__WORK ORDER__
The required output is the lines below from the line containing "Definition list_privacy (P" to the line containing "P_X(Lam) since W(0|x)", inclusive, retyped exactly. No other lines belong in it.

__SOURCE RECORDS__

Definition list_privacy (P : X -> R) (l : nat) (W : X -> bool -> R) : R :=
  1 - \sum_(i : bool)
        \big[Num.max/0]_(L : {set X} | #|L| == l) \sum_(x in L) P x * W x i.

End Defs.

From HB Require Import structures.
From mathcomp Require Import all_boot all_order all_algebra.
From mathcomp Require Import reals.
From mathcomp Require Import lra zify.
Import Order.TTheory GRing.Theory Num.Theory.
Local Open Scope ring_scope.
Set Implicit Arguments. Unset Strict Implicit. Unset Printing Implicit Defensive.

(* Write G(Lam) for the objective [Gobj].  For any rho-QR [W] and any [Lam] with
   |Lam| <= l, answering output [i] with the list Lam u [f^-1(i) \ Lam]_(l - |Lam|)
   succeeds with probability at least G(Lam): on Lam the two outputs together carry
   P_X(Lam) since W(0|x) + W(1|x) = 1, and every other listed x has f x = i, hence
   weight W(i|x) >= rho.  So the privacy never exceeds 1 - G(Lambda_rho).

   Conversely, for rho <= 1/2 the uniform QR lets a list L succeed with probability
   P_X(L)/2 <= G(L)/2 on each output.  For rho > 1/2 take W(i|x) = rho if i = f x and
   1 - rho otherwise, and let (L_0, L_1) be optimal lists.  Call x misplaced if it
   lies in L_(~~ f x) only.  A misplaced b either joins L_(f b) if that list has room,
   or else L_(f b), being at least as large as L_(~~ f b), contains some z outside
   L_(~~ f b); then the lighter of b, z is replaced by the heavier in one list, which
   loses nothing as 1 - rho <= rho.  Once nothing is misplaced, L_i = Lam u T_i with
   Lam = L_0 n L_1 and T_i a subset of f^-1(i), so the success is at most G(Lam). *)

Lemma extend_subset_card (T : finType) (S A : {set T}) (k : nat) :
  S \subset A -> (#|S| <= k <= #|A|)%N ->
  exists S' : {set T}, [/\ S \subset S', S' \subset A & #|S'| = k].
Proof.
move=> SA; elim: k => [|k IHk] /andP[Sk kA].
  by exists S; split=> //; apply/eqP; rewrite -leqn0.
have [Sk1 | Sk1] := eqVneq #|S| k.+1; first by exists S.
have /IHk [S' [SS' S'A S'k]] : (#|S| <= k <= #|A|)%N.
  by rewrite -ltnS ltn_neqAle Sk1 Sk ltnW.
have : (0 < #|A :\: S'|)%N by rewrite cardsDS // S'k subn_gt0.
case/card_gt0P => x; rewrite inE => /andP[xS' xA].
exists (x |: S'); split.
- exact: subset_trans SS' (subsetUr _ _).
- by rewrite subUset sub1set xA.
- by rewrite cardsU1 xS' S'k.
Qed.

...

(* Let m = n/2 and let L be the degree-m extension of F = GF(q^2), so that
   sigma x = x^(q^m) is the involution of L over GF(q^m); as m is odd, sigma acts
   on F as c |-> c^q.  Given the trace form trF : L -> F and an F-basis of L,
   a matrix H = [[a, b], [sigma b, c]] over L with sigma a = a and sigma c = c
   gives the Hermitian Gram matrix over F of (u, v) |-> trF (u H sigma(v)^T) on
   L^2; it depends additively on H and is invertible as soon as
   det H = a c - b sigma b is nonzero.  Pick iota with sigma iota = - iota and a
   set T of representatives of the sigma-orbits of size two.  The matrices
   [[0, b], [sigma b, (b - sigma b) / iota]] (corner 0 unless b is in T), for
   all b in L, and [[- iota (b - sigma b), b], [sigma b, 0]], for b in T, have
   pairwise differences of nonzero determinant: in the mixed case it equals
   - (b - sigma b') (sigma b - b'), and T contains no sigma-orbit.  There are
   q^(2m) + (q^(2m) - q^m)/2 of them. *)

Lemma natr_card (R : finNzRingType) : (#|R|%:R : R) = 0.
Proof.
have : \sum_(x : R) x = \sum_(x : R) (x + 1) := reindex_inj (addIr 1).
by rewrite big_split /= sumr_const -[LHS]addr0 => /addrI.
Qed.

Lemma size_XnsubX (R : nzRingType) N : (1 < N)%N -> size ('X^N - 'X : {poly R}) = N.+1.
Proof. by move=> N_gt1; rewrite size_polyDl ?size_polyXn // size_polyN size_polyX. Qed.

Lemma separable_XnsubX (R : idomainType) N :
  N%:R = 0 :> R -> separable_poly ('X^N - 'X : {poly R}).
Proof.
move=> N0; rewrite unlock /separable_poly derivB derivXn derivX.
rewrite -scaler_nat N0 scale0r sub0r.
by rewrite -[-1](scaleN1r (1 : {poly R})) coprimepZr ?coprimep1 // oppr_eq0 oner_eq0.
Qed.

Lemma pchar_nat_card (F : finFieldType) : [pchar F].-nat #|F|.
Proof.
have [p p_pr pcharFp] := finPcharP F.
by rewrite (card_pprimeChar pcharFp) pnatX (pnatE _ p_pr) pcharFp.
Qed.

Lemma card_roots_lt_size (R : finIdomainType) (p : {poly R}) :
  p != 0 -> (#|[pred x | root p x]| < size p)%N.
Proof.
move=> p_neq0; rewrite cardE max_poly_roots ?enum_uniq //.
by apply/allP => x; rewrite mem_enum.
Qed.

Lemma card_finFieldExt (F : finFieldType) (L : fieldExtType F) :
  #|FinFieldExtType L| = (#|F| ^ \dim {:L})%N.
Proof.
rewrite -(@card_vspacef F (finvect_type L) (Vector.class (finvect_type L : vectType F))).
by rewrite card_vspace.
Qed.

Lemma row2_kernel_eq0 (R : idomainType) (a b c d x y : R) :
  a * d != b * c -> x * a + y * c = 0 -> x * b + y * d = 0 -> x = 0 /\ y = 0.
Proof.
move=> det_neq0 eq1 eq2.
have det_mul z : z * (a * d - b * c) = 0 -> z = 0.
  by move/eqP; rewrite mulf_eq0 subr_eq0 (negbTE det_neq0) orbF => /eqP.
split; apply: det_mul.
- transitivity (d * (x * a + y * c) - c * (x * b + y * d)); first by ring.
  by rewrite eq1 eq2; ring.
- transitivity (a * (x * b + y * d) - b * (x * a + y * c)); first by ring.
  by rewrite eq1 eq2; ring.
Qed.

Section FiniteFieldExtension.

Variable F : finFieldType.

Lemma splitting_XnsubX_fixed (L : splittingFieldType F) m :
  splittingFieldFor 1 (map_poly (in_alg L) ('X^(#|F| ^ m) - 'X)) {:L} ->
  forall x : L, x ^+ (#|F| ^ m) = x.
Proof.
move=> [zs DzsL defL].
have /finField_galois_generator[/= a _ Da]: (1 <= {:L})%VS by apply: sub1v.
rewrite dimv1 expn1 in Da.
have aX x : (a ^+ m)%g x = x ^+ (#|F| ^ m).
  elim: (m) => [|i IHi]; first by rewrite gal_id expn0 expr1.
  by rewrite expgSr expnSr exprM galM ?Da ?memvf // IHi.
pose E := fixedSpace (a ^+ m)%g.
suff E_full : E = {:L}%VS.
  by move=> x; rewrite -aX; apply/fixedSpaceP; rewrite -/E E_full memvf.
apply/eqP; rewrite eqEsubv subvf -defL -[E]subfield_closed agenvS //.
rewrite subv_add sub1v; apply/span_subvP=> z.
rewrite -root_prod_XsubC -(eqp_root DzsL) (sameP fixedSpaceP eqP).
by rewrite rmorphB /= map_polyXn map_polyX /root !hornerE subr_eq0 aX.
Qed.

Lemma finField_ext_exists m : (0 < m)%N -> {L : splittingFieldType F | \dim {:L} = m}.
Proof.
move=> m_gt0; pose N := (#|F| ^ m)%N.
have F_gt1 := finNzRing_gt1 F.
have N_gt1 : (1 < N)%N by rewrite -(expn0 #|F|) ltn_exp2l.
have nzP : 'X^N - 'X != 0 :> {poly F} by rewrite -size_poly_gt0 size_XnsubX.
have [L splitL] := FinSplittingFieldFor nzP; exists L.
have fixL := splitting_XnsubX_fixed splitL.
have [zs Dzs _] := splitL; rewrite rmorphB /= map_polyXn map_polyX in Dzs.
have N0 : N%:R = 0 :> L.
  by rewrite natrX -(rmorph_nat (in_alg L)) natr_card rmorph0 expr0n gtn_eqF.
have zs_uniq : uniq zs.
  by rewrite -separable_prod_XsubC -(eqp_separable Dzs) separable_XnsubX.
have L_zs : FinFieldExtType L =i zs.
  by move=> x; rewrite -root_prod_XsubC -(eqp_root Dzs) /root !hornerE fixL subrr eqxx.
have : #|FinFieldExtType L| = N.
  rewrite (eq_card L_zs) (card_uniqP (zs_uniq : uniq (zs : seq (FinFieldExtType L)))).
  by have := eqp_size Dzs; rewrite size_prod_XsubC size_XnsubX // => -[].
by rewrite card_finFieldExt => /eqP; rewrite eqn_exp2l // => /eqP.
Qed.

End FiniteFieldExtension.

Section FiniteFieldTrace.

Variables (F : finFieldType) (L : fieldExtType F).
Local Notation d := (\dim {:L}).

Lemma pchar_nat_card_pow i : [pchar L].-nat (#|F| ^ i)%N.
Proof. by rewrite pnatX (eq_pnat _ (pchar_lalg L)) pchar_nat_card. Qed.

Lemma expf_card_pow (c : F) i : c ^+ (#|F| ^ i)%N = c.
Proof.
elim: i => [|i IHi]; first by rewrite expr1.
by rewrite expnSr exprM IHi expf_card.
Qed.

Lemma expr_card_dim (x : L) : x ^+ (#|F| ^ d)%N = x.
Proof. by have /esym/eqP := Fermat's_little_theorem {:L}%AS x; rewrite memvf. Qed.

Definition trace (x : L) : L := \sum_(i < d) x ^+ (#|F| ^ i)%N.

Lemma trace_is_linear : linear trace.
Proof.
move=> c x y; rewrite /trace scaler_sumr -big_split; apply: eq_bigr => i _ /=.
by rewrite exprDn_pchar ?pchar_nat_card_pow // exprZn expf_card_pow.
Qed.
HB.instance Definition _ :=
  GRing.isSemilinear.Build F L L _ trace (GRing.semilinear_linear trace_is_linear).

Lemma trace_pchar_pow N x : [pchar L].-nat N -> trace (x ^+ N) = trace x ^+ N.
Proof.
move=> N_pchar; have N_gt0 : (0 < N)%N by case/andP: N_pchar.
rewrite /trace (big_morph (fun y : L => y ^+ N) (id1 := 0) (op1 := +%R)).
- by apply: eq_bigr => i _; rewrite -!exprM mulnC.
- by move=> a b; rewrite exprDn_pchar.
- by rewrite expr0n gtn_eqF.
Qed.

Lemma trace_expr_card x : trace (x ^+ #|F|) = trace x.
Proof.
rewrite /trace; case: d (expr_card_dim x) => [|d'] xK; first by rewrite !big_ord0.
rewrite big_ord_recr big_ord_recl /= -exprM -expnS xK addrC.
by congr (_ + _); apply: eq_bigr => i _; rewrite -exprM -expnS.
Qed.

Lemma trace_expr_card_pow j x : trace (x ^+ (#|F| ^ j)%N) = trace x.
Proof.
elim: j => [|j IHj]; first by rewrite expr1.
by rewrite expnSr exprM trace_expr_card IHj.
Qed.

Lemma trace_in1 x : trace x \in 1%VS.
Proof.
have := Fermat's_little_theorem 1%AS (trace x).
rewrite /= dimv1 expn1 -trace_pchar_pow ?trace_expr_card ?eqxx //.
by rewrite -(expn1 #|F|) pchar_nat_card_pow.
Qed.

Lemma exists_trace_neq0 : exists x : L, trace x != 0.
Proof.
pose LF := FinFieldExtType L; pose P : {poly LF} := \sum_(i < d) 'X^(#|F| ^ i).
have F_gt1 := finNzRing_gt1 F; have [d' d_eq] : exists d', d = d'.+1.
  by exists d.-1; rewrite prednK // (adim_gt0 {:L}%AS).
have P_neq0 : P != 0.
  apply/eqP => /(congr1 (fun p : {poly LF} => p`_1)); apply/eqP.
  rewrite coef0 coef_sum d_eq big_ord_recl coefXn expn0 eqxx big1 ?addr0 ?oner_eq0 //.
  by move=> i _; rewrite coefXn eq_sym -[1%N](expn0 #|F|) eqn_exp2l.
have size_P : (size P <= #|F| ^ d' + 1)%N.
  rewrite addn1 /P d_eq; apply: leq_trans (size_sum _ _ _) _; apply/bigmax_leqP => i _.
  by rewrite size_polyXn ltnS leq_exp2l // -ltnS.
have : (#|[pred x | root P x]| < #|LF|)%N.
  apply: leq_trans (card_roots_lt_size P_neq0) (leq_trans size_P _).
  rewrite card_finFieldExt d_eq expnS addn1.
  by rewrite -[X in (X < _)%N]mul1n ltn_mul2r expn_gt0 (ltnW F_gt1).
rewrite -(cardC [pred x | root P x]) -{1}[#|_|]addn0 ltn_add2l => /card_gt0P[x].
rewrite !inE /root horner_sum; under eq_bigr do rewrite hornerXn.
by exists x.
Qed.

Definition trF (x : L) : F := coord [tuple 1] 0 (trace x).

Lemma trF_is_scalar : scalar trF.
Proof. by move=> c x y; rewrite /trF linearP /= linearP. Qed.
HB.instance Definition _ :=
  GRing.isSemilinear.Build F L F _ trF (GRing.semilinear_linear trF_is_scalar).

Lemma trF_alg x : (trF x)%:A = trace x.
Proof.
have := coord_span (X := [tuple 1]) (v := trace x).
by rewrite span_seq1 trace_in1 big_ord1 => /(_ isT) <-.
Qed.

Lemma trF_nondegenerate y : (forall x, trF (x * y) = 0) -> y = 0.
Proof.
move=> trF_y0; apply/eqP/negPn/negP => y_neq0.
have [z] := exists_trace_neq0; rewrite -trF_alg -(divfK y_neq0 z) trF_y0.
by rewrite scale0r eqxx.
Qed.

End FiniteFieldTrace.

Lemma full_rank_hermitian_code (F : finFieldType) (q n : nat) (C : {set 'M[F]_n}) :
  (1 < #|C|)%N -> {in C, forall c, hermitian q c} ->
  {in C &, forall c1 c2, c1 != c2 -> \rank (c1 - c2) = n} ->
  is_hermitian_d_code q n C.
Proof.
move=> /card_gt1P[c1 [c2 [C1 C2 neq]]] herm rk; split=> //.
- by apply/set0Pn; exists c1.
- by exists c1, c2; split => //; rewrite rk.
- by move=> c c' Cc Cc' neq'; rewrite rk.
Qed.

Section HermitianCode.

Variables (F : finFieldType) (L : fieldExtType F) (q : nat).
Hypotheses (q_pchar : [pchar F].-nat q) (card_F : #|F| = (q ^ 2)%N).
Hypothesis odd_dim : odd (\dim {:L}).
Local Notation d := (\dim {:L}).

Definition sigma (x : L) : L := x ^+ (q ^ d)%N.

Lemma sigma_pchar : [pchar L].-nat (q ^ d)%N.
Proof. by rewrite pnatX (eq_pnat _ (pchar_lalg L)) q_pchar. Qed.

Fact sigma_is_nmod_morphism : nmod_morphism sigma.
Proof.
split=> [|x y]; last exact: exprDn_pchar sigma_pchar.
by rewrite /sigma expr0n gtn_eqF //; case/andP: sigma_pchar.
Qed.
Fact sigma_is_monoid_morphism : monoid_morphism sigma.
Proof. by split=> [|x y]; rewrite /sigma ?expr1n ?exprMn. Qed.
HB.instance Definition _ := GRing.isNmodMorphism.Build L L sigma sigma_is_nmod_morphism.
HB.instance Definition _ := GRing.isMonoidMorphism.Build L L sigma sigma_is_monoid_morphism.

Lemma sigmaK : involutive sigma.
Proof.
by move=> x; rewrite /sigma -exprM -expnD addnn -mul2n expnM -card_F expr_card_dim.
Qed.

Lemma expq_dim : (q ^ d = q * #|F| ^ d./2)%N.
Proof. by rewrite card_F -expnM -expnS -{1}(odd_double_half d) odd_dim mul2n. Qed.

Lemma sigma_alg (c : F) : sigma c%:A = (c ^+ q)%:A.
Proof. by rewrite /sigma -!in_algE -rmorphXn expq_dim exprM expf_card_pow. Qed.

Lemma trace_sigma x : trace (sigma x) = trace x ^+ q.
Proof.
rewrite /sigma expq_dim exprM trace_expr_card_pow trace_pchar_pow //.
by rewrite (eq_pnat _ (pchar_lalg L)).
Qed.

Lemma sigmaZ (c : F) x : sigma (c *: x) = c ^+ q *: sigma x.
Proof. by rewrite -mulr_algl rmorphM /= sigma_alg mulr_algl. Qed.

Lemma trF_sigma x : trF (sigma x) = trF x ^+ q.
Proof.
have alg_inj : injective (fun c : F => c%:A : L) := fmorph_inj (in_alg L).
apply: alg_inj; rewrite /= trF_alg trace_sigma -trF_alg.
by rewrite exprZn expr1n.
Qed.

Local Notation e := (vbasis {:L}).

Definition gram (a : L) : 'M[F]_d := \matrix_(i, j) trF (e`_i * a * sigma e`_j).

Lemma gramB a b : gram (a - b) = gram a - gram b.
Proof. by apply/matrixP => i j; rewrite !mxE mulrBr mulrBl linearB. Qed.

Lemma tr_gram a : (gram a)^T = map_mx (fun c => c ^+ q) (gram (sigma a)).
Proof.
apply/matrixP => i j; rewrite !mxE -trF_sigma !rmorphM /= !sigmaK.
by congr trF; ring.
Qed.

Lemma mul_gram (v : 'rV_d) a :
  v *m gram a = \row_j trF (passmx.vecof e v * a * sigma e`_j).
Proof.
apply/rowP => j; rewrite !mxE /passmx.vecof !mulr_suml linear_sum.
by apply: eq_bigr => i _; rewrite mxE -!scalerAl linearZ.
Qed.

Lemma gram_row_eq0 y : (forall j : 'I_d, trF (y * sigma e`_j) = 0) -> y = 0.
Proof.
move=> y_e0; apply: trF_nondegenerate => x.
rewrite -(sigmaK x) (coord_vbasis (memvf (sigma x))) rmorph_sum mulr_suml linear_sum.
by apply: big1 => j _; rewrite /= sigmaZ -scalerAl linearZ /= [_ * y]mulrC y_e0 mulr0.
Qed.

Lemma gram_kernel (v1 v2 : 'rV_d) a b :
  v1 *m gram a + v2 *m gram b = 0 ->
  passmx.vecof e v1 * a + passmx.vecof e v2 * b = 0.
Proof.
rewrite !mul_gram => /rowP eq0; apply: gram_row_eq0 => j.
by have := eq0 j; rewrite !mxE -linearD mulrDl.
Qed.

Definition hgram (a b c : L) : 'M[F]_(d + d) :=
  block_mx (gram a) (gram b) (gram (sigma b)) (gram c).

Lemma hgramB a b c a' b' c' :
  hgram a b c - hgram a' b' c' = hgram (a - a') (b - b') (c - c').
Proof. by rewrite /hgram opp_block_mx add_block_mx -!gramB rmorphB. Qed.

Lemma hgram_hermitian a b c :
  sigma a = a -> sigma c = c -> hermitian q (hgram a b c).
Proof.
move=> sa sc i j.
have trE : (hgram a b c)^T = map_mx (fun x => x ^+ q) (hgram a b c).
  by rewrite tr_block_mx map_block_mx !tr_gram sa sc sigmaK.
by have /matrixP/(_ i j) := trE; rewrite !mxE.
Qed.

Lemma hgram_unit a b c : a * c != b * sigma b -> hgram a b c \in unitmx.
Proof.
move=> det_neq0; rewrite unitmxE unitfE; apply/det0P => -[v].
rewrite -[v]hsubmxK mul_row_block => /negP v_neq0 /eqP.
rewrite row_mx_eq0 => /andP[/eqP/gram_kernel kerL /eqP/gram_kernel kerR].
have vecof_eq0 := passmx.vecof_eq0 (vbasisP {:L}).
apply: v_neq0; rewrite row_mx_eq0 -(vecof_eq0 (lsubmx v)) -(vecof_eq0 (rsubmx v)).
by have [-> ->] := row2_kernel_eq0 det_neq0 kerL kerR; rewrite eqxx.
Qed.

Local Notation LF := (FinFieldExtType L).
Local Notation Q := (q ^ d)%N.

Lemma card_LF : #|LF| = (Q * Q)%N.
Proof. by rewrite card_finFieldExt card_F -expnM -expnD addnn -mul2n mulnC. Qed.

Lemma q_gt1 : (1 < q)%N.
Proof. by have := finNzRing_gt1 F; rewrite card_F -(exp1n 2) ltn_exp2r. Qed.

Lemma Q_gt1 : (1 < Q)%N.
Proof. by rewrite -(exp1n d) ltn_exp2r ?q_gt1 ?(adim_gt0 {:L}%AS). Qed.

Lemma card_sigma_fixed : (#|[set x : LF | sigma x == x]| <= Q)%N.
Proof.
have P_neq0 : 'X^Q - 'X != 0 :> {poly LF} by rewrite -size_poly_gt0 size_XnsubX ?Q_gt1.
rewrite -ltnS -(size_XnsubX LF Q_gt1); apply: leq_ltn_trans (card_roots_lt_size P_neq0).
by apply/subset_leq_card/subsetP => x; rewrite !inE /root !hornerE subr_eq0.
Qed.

__OUTPUT BELOW__
Definition list_privacy (P : X -> R) (l : nat) (W : X -> bool -> R) : R :=
  1 - \sum_(i : bool)
        \big[Num.max/0]_(L : {set X} | #|L| == l) \sum_(x in L) P x * W x i.

End Defs.

From HB Require Import structures.
From mathcomp Require Import all_boot all_order all_algebra.
From mathcomp Require Import reals.
From mathcomp Require Import lra zify.
Import Order.TTheory GRing.Theory Num.Theory.
Local Open Scope ring_scope.
Set Implicit Arguments. Unset Strict Implicit. Unset Printing Implicit Defensive.

(* Write G(Lam) for the objective [Gobj].  For any rho-QR [W] and any [Lam] with
   |Lam| <= l, answering output [i] with the list Lam u [f^-1(i) \ Lam]_(l - |Lam|)
   succeeds with probability at least G(Lam): on Lam the two outputs together carry
   P_X(Lam) since W(0|x) + W(1|x) = 1, and every other listed x has f x = i, hence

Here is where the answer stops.